### PROBLEM DESCRIPTION
Please repeat exactly the line containing "simpl; repeat split; lia." and each line after it in the records below, through the last.

### TASK INPUTS
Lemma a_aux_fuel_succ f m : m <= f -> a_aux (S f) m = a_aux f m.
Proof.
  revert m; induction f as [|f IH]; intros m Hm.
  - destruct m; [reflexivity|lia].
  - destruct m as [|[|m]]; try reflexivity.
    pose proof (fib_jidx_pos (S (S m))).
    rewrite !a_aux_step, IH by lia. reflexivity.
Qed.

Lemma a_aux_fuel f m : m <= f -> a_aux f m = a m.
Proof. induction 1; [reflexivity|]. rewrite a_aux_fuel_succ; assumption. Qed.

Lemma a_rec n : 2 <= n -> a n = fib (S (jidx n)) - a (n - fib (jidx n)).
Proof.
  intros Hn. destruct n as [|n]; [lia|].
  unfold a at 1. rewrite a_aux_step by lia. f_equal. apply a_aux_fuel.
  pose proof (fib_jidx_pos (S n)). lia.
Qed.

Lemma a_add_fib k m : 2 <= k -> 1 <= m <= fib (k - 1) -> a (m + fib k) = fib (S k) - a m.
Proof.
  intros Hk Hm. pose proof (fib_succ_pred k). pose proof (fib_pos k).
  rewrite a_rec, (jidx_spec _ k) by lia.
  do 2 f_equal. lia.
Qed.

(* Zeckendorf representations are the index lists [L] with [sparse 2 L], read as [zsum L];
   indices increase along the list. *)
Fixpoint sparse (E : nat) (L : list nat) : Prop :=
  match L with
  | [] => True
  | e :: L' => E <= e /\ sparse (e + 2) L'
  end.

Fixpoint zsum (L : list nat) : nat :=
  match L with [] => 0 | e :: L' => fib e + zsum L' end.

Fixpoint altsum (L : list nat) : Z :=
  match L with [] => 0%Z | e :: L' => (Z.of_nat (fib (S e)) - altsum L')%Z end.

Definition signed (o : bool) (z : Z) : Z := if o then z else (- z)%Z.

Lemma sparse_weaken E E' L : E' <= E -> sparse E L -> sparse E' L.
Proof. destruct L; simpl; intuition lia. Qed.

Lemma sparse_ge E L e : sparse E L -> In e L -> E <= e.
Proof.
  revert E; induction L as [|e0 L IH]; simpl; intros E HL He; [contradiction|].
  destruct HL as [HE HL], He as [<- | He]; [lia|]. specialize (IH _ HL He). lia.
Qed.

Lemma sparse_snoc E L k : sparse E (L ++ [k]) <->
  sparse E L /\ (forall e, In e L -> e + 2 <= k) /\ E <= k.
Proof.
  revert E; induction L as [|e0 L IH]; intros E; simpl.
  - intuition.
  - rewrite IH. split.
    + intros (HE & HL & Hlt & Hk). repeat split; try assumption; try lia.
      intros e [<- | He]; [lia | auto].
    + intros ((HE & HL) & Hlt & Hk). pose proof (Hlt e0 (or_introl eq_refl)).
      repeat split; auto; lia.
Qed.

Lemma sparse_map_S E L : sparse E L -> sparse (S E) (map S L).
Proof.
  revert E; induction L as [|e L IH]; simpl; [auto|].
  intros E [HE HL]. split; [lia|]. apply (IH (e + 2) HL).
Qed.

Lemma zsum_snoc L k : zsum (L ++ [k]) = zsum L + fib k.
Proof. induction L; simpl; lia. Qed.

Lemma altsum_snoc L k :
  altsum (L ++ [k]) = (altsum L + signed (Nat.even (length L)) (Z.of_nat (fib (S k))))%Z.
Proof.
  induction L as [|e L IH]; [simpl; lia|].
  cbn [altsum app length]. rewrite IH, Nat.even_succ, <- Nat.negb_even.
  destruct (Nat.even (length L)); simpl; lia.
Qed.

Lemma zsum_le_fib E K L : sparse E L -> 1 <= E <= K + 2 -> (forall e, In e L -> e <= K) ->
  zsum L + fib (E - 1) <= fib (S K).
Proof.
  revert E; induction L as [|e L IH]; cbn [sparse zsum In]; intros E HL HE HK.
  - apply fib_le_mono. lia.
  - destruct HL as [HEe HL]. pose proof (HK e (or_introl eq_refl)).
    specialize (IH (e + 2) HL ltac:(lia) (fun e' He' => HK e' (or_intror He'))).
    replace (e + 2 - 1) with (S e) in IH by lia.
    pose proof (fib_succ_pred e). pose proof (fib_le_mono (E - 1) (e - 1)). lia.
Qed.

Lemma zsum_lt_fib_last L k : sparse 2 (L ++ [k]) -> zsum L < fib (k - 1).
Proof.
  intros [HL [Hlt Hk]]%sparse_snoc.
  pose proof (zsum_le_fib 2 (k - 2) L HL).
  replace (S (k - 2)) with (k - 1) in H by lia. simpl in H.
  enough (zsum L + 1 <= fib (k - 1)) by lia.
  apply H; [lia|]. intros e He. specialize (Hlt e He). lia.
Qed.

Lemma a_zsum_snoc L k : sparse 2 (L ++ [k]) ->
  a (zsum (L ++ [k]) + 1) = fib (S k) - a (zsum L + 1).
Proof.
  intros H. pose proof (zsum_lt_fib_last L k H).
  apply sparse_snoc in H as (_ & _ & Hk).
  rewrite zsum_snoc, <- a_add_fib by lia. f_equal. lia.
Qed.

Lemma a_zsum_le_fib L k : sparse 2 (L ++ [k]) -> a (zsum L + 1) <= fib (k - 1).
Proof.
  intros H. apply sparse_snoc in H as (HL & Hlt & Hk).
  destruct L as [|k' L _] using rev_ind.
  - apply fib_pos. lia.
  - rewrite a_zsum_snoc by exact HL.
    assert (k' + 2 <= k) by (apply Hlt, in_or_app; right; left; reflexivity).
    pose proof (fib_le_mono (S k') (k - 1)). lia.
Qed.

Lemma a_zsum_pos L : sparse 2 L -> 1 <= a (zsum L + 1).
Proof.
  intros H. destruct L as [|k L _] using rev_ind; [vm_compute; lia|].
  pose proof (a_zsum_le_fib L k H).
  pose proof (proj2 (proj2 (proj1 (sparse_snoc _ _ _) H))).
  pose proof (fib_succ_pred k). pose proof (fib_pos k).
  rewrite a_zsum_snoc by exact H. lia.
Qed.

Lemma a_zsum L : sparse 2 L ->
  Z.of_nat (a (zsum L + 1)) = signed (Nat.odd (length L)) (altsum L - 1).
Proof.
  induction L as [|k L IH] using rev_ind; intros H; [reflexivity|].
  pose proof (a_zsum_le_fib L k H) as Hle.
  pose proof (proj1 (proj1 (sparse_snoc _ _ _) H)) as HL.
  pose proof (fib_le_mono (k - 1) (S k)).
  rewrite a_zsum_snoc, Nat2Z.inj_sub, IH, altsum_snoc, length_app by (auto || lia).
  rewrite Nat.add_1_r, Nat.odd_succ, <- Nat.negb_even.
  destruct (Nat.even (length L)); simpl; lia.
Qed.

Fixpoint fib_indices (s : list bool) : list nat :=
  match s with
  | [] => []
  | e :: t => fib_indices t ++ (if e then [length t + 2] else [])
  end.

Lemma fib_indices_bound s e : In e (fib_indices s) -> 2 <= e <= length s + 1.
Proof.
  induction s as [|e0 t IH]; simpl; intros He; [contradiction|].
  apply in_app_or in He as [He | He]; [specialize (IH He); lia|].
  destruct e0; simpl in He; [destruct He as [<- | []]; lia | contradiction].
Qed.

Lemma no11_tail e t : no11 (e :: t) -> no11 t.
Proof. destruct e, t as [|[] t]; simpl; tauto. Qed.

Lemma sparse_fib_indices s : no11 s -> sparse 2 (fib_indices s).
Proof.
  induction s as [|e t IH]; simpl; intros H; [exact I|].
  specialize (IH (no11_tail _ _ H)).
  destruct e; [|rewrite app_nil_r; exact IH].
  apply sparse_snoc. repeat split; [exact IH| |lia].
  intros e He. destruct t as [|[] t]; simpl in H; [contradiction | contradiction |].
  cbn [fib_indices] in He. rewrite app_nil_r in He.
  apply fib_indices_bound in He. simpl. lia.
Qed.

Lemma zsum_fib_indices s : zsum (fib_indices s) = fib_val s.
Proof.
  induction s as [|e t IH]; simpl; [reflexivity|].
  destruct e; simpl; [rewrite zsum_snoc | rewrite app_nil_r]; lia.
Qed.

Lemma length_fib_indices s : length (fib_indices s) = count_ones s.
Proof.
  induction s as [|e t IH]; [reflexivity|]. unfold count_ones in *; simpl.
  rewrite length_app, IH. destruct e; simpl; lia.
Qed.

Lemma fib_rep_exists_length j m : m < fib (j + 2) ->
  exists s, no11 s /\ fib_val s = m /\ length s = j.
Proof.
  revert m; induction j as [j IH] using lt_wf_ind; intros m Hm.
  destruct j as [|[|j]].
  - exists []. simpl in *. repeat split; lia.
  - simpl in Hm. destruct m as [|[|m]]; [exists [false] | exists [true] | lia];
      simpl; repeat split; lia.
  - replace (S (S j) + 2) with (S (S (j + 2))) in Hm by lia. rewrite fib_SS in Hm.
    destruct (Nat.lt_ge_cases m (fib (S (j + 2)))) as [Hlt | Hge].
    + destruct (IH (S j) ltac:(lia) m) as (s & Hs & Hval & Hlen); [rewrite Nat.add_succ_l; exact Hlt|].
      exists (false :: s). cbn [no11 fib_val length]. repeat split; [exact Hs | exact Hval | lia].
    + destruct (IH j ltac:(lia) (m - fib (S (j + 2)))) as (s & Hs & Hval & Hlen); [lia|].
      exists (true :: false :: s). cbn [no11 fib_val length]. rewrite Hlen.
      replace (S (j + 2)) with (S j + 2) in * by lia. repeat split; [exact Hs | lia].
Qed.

### EXERCISE SOLUTION
      simpl; repeat split; lia.
  - replace (S (S j) + 2) with (S (S (j + 2))) in Hm by lia. rewrite fib_SS in Hm.
    destruct (Nat.lt_ge_cases m (fib (S (j + 2)))) as [Hlt | Hge].
    + destruct (IH (S j) ltac:(lia) m) as (s & Hs & Hval & Hlen); [rewrite Nat.add_succ_l; exact Hlt|].
      exists (false :: s). cbn [no11 fib_val length]. repeat split; [exact Hs | exact Hval | lia].
    + destruct (IH j ltac:(lia) (m - fib (S (j + 2)))) as (s & Hs & Hval & Hlen); [lia|].
      exists (true :: false :: s). cbn [no11 fib_val length]. rewrite Hlen.
      replace (S (j + 2)) with (S j + 2) in * by lia. repeat split; [exact Hs | lia].
Qed.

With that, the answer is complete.